** WORK TO BE COMPLETED **
Here is a block of records. Copy every line in it that includes "gdet".

MATERIAL PROVIDED Start Marker

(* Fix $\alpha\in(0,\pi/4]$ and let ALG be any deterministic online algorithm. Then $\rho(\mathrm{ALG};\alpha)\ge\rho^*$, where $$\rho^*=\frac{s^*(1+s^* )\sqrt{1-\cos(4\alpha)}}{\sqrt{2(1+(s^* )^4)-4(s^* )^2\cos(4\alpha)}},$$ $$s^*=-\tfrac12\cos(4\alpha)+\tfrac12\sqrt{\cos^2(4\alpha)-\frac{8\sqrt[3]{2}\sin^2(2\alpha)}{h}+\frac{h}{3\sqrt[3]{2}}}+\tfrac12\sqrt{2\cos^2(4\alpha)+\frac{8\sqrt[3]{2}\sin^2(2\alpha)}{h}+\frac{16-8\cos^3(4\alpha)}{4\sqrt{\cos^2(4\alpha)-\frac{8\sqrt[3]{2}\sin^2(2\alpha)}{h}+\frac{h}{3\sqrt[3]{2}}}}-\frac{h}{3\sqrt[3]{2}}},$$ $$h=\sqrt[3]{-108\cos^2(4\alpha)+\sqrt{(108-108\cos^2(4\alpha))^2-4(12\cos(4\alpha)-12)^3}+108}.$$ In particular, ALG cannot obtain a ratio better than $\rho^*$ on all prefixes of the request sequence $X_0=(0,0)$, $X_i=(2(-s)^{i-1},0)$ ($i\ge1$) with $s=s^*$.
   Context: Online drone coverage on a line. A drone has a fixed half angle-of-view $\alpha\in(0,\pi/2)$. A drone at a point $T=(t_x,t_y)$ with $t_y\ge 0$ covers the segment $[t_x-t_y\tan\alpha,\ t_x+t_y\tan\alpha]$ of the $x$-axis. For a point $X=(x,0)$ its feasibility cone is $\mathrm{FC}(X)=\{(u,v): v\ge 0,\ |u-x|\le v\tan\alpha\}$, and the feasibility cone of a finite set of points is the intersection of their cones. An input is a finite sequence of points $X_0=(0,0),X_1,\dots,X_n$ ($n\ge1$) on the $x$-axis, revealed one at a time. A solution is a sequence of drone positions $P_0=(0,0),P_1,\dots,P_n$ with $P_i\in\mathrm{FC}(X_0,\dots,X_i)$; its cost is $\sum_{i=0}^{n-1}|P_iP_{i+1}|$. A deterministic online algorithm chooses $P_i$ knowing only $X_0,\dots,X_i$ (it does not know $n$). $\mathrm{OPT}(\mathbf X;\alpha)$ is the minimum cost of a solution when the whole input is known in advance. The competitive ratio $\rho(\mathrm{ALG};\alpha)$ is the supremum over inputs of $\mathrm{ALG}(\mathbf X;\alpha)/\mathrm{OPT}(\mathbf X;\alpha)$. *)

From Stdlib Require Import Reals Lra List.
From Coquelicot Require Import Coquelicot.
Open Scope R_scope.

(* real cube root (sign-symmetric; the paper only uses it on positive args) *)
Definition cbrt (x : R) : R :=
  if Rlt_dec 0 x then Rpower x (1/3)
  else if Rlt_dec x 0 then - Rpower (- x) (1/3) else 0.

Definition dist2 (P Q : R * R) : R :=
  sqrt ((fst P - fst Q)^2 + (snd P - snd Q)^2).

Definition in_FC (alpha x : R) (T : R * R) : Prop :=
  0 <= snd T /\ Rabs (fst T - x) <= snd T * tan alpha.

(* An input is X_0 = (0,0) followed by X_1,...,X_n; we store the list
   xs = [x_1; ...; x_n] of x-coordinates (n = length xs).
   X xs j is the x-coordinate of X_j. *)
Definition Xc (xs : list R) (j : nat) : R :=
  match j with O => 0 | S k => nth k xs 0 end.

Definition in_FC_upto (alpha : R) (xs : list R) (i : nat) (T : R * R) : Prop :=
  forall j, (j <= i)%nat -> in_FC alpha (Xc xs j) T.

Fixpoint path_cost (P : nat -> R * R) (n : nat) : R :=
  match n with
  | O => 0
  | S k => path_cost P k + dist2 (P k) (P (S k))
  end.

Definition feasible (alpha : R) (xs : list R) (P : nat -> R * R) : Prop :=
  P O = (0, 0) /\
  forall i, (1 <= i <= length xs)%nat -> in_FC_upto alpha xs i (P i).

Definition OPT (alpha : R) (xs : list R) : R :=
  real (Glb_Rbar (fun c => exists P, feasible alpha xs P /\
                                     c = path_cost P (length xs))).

MATERIAL PROVIDED End Marker
MATERIAL PROVIDED Start Marker

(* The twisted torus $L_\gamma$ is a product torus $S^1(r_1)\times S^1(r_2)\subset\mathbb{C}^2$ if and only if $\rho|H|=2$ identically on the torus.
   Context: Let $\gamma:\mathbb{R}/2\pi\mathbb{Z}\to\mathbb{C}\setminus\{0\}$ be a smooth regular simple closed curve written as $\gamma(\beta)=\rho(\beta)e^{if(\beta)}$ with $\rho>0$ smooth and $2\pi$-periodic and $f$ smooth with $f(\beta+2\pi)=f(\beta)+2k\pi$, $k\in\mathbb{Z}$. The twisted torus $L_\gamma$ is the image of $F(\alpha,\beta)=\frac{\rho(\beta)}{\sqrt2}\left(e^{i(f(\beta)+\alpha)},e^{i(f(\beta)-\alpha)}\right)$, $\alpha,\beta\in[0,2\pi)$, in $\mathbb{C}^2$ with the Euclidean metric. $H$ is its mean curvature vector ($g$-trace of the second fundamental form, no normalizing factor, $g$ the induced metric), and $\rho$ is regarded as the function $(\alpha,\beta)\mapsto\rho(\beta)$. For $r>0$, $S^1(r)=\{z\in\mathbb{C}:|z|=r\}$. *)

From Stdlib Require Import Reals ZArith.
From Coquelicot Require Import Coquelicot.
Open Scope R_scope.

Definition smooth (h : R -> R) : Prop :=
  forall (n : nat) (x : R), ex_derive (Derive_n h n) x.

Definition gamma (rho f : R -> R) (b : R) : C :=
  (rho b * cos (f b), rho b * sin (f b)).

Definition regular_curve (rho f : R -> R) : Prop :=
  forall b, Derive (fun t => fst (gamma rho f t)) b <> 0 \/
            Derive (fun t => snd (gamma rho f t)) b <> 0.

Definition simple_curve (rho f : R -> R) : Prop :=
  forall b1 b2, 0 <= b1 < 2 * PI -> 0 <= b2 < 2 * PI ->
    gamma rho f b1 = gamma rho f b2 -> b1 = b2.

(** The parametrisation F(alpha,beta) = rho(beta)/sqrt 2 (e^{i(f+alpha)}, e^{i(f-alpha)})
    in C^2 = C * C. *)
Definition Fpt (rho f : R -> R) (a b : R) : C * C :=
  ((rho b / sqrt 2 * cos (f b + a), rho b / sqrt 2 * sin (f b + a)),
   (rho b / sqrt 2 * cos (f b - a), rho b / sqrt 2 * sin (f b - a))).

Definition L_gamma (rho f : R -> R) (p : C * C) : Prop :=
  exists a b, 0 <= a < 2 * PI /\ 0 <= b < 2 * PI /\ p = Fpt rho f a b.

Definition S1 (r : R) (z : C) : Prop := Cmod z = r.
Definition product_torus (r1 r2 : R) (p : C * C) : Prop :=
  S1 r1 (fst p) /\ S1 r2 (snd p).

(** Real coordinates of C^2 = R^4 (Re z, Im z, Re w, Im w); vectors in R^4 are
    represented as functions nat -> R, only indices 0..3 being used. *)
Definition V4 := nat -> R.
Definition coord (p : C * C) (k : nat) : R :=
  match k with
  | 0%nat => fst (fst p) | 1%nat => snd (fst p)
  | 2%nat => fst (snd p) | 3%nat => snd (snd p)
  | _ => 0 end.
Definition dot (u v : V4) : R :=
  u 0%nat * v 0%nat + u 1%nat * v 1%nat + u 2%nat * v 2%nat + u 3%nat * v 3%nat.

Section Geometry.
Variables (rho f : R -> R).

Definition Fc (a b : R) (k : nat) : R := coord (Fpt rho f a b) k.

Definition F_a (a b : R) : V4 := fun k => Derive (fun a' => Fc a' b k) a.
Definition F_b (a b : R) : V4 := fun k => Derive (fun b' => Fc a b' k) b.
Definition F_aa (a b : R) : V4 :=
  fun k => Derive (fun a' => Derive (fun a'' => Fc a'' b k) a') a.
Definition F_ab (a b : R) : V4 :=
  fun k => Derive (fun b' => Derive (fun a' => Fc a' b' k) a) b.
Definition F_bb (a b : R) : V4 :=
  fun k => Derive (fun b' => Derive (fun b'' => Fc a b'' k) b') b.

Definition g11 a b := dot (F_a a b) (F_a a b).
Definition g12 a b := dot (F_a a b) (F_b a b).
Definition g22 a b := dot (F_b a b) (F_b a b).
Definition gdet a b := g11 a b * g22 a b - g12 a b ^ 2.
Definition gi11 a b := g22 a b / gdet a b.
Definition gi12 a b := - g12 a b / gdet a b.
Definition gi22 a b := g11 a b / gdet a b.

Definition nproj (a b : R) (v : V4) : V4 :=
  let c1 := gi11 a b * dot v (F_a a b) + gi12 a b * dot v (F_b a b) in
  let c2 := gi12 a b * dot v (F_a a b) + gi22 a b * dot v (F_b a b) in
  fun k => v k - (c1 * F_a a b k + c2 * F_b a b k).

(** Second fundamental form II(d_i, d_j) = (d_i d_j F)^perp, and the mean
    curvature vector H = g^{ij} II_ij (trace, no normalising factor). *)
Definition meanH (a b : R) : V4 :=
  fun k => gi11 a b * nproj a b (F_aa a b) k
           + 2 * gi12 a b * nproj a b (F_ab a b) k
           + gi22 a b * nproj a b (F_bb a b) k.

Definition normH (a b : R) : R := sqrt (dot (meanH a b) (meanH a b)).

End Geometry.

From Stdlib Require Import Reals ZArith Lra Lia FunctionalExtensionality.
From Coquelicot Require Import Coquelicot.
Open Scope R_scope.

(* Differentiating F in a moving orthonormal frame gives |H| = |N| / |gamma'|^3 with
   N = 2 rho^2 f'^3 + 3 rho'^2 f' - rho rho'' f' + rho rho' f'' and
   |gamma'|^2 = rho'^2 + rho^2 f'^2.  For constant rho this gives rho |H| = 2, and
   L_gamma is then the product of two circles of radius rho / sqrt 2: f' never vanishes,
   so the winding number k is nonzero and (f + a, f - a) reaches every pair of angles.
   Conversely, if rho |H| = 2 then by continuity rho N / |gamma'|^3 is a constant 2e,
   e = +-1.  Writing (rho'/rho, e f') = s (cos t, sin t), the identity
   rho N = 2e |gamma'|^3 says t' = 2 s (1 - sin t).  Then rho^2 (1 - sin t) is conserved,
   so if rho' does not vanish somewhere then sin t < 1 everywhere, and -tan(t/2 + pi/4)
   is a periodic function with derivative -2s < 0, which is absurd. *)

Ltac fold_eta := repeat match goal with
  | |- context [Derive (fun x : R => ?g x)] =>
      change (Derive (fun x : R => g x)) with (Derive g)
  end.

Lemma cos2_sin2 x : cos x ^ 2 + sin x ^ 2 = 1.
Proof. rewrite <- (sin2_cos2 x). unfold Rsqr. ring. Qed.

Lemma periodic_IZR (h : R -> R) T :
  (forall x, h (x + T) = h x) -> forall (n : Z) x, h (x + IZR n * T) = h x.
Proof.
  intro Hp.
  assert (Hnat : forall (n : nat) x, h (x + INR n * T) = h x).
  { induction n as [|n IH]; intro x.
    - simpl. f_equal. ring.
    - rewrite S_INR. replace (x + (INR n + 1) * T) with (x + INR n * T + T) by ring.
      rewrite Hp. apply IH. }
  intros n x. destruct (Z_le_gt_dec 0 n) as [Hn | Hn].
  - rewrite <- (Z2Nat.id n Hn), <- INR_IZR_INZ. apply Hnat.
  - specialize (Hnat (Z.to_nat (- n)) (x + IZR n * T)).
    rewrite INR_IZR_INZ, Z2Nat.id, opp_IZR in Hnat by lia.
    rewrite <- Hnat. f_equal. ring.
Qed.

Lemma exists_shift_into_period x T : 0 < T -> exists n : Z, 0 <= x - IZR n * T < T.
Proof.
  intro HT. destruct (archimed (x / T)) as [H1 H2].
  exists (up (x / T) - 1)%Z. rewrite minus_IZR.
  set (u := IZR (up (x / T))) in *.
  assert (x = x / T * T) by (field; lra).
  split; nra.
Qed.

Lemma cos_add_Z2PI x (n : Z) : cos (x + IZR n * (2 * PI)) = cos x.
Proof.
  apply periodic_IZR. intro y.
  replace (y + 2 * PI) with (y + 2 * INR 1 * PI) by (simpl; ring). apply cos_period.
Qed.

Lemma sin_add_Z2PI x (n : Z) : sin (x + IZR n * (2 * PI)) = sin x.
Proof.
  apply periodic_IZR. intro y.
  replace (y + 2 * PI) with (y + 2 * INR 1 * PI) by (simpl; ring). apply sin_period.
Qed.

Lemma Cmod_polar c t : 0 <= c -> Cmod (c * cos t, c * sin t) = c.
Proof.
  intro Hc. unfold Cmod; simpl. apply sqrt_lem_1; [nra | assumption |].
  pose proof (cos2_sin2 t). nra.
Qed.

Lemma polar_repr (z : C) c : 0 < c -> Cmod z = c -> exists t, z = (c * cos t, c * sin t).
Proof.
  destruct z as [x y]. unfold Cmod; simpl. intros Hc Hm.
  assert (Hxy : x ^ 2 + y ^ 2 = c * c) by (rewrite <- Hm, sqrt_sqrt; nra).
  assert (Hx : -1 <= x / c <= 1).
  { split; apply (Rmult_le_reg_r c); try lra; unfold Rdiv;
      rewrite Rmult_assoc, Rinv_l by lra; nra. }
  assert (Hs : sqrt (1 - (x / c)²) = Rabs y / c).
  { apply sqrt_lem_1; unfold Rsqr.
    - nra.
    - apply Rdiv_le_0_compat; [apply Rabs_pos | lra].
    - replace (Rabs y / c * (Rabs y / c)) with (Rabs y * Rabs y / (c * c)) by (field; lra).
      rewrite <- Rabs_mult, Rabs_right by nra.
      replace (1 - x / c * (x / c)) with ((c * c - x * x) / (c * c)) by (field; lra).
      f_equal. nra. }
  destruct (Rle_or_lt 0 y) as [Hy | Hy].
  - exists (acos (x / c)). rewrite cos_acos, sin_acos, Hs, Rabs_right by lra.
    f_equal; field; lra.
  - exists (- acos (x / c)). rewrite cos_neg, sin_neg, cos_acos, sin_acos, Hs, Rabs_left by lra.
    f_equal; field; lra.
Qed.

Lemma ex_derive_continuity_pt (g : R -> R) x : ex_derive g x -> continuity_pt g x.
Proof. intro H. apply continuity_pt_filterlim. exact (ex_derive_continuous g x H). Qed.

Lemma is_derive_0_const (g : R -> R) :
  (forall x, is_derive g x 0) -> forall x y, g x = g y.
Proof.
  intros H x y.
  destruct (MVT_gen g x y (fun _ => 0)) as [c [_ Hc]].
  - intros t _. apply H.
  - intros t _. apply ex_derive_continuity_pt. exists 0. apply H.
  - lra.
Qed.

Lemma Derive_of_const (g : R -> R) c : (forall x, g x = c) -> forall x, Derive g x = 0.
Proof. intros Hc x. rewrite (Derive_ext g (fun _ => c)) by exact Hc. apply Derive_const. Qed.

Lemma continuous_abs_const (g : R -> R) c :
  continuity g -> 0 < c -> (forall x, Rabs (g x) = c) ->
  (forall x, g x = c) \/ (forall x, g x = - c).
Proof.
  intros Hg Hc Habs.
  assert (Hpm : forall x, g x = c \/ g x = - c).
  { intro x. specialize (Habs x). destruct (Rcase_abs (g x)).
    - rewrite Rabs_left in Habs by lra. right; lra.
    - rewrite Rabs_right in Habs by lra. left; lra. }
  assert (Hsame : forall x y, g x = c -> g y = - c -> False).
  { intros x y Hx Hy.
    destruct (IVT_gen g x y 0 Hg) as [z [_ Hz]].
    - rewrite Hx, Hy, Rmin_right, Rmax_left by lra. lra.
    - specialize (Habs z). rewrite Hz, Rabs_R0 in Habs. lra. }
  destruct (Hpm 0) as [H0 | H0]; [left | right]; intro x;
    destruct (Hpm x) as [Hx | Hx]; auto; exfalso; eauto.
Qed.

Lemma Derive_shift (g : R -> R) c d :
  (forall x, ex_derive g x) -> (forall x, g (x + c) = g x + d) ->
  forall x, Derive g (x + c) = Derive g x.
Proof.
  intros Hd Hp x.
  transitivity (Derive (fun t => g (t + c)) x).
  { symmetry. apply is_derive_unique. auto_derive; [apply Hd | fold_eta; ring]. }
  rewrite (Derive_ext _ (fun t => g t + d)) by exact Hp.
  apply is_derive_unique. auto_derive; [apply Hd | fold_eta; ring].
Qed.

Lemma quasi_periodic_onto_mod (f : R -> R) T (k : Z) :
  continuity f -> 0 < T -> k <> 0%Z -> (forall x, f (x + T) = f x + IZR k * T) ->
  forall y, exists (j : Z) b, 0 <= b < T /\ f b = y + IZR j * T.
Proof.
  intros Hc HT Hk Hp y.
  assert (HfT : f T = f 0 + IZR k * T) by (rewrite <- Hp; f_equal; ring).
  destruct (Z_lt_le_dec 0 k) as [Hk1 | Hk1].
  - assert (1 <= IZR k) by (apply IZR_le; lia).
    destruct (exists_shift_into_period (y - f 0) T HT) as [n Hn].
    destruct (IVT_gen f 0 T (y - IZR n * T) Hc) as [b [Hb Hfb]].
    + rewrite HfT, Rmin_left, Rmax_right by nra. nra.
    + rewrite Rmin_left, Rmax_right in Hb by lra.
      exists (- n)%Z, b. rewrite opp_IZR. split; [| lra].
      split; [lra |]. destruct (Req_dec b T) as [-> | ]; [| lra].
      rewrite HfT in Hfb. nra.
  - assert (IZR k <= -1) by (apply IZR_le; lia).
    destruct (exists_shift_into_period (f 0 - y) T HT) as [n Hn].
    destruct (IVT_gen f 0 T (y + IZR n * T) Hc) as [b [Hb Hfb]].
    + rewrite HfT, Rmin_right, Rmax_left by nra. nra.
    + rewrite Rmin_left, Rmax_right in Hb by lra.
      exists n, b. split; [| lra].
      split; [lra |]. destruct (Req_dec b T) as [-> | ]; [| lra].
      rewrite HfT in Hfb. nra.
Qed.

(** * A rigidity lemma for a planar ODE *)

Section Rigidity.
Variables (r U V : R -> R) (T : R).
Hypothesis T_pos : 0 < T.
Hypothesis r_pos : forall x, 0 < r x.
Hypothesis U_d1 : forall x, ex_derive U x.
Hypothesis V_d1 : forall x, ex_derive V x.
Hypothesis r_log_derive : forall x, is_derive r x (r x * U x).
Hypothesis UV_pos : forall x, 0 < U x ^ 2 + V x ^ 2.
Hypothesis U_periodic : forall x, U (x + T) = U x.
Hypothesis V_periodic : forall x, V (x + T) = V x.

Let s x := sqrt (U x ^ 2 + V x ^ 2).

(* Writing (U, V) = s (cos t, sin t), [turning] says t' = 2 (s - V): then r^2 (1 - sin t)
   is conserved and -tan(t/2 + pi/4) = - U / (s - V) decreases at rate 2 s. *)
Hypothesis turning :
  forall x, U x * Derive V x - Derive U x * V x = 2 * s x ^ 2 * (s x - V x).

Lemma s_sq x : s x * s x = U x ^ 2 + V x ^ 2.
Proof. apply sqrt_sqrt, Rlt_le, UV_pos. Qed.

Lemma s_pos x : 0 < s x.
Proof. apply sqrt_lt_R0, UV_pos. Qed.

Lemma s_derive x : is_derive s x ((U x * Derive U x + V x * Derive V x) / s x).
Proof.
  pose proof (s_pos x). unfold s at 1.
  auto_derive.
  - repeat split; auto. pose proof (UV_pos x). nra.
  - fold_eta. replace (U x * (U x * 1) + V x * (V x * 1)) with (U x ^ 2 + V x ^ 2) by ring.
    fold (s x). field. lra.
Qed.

MATERIAL PROVIDED End Marker

** SOLUTION **
Definition gdet a b := g11 a b * g22 a b - g12 a b ^ 2.
Definition gi11 a b := g22 a b / gdet a b.
Definition gi12 a b := - g12 a b / gdet a b.
Definition gi22 a b := g11 a b / gdet a b.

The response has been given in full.